Work to complete: In the lines below, look for "jmulDl". Copy each line where it appears.

Dataset records:
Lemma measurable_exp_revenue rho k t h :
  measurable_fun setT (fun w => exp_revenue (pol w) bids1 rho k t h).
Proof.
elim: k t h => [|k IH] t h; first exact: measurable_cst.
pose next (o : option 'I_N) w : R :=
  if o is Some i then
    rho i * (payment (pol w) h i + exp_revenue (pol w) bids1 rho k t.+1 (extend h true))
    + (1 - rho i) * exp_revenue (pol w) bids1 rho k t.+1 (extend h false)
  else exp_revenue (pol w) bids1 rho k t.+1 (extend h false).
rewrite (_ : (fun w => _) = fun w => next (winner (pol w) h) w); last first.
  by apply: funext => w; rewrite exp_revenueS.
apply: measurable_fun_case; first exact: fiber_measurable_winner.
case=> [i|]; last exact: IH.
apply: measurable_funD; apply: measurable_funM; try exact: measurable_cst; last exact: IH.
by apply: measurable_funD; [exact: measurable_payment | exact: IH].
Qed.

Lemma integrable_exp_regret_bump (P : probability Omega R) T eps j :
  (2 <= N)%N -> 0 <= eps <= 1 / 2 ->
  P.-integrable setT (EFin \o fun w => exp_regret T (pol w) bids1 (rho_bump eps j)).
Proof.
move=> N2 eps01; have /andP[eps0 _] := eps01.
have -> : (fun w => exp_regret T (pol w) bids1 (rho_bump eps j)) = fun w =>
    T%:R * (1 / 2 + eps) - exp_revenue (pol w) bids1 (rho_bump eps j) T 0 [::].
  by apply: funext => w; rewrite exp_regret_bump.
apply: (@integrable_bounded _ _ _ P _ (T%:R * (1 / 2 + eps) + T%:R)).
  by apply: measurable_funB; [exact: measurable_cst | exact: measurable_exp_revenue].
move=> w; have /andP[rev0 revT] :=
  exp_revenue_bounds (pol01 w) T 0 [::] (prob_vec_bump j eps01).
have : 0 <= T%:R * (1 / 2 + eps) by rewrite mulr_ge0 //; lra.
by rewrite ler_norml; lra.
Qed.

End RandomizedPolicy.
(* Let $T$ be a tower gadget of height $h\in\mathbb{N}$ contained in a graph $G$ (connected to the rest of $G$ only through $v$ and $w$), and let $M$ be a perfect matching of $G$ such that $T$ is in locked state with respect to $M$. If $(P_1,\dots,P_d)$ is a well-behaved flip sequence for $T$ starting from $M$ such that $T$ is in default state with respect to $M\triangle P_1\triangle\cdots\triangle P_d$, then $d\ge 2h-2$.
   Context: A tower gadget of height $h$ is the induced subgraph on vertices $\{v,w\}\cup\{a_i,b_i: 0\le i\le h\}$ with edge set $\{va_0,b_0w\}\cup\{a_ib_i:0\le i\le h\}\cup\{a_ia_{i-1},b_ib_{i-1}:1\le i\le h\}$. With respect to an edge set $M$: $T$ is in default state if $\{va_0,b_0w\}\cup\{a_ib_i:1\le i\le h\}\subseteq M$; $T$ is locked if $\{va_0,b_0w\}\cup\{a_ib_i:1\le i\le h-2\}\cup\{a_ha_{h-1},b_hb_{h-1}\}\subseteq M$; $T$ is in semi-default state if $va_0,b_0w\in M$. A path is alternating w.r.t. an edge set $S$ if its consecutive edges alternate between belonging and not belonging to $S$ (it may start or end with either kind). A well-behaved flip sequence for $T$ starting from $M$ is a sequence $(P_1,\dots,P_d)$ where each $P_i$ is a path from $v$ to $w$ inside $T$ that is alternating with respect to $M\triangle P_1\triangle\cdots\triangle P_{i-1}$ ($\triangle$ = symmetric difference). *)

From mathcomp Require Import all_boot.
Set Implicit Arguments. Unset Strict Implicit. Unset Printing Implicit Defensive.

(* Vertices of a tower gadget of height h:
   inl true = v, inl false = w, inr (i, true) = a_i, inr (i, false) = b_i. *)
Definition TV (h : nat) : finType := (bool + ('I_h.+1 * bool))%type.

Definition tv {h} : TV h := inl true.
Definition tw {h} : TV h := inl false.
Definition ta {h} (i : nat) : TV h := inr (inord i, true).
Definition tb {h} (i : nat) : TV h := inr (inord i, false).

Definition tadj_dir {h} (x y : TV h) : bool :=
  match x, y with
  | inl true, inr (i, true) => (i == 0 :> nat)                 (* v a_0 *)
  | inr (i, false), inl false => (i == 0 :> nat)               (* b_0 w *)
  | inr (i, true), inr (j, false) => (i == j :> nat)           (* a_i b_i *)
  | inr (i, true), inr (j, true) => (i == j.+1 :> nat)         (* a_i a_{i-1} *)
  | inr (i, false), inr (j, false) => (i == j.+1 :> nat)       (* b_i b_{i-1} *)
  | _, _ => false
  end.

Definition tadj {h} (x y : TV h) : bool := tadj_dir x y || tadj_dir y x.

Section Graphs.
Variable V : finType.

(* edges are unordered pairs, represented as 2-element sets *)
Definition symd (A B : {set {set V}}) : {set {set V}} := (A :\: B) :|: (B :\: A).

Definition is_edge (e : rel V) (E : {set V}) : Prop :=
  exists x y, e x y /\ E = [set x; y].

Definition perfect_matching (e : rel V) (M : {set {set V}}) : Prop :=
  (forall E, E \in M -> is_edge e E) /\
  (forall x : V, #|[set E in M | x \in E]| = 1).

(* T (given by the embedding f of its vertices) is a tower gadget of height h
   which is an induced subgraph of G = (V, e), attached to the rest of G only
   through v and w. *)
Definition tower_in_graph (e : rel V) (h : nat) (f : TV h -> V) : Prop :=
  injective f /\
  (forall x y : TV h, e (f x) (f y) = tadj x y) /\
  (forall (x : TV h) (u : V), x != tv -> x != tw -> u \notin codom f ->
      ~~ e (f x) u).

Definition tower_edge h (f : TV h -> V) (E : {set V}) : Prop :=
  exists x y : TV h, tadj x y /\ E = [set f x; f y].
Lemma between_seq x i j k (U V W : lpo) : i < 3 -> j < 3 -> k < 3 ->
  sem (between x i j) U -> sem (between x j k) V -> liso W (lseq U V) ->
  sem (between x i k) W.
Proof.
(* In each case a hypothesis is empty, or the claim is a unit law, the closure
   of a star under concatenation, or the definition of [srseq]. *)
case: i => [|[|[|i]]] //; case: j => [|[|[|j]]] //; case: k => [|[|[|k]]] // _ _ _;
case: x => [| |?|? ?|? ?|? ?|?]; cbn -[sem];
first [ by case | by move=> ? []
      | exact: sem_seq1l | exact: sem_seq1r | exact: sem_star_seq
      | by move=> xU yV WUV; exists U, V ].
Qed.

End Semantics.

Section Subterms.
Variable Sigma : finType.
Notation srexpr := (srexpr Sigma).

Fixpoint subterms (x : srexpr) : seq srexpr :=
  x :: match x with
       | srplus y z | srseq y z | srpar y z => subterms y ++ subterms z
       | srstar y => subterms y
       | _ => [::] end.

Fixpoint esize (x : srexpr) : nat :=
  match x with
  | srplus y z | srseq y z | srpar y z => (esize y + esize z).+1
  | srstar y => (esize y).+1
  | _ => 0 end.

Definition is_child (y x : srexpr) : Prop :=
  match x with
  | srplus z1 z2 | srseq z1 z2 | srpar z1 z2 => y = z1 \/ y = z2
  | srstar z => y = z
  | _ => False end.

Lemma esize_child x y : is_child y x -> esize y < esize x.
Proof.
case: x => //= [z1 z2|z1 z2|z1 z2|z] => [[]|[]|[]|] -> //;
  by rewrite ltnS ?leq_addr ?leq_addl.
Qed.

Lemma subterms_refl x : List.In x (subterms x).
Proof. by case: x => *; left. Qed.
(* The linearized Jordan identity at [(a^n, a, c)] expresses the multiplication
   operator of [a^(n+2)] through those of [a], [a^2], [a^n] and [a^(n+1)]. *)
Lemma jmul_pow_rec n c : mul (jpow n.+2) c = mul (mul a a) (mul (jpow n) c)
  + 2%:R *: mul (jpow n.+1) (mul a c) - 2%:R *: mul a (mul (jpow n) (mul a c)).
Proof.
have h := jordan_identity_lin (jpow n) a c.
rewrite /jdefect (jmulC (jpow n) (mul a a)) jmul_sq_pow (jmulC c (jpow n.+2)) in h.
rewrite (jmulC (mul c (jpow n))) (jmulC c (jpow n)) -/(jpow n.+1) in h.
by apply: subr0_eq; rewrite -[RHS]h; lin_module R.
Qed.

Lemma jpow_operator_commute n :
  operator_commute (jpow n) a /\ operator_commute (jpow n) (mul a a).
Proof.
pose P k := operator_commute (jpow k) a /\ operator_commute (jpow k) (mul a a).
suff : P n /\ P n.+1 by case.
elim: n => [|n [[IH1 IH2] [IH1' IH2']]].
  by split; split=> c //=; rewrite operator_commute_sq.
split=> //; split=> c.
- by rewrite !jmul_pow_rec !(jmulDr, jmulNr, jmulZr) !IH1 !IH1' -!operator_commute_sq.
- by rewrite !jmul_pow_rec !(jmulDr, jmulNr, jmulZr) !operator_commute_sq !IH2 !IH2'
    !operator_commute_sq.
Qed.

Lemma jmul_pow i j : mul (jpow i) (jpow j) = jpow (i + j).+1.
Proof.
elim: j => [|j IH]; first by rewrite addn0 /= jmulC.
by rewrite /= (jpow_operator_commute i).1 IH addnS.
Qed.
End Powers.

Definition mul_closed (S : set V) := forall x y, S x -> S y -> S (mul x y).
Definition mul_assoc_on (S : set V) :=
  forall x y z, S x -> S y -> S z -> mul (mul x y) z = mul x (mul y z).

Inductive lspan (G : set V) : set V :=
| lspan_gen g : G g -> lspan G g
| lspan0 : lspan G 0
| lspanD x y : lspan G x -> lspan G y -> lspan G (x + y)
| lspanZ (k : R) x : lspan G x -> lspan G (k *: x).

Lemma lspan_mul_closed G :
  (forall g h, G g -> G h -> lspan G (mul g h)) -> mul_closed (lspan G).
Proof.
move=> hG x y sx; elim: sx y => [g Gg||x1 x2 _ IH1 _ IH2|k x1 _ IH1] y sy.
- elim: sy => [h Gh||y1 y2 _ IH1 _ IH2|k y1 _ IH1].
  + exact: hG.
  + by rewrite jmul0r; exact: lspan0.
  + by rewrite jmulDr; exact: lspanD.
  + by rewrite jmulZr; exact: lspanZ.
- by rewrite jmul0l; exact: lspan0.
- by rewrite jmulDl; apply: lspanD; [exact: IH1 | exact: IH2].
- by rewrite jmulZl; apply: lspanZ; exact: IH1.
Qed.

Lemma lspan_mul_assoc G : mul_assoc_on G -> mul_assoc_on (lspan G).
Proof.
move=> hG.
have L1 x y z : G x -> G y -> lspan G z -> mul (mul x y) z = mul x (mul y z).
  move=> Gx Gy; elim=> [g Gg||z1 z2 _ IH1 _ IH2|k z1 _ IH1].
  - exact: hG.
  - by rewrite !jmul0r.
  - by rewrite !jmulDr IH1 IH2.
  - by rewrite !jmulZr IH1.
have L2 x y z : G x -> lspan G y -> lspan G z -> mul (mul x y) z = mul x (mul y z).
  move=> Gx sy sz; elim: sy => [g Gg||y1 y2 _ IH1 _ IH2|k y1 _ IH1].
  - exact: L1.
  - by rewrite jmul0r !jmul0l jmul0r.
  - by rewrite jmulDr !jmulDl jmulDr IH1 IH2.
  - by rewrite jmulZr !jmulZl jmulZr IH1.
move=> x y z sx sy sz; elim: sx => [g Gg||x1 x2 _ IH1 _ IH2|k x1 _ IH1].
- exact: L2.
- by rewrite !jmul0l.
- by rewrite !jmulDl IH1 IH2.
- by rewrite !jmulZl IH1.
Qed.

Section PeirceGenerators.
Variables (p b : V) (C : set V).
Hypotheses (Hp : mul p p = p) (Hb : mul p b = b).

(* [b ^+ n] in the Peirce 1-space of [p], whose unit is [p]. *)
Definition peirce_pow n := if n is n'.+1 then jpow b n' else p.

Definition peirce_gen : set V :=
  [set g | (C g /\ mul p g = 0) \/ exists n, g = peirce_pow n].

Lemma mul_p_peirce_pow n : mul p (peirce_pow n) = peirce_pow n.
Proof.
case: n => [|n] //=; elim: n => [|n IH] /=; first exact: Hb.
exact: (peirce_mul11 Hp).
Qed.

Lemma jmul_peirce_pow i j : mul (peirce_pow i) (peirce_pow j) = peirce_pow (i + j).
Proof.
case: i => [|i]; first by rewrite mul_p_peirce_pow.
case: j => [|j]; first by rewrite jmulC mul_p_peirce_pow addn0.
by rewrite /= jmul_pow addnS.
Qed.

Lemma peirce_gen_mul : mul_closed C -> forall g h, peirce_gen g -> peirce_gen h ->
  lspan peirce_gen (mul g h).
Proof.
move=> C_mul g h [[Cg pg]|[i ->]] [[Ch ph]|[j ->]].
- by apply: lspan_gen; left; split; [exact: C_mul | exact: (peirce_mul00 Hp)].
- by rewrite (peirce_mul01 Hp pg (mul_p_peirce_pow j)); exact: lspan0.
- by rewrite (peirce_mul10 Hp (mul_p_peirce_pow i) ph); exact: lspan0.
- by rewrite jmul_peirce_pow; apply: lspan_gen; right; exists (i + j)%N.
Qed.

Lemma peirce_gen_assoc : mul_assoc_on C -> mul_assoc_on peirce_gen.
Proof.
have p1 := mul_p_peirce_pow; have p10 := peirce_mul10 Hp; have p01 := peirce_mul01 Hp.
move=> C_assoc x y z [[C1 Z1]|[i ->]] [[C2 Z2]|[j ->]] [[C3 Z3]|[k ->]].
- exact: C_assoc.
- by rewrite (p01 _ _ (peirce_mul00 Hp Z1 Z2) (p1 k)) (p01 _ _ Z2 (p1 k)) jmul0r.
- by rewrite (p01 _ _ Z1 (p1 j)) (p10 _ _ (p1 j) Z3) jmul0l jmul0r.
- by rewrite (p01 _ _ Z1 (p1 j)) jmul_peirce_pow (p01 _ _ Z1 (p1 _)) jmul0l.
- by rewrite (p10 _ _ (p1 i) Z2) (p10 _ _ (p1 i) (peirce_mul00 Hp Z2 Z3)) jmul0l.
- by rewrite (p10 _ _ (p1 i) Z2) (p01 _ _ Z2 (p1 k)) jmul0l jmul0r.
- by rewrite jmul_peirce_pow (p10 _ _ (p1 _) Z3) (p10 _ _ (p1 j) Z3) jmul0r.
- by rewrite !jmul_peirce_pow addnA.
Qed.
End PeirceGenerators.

Written reply:
- by rewrite jmulDl; apply: lspanD; [exact: IH1 | exact: IH2].
  - by rewrite jmulDr !jmulDl jmulDr IH1 IH2.
- by rewrite !jmulDl IH1 IH2.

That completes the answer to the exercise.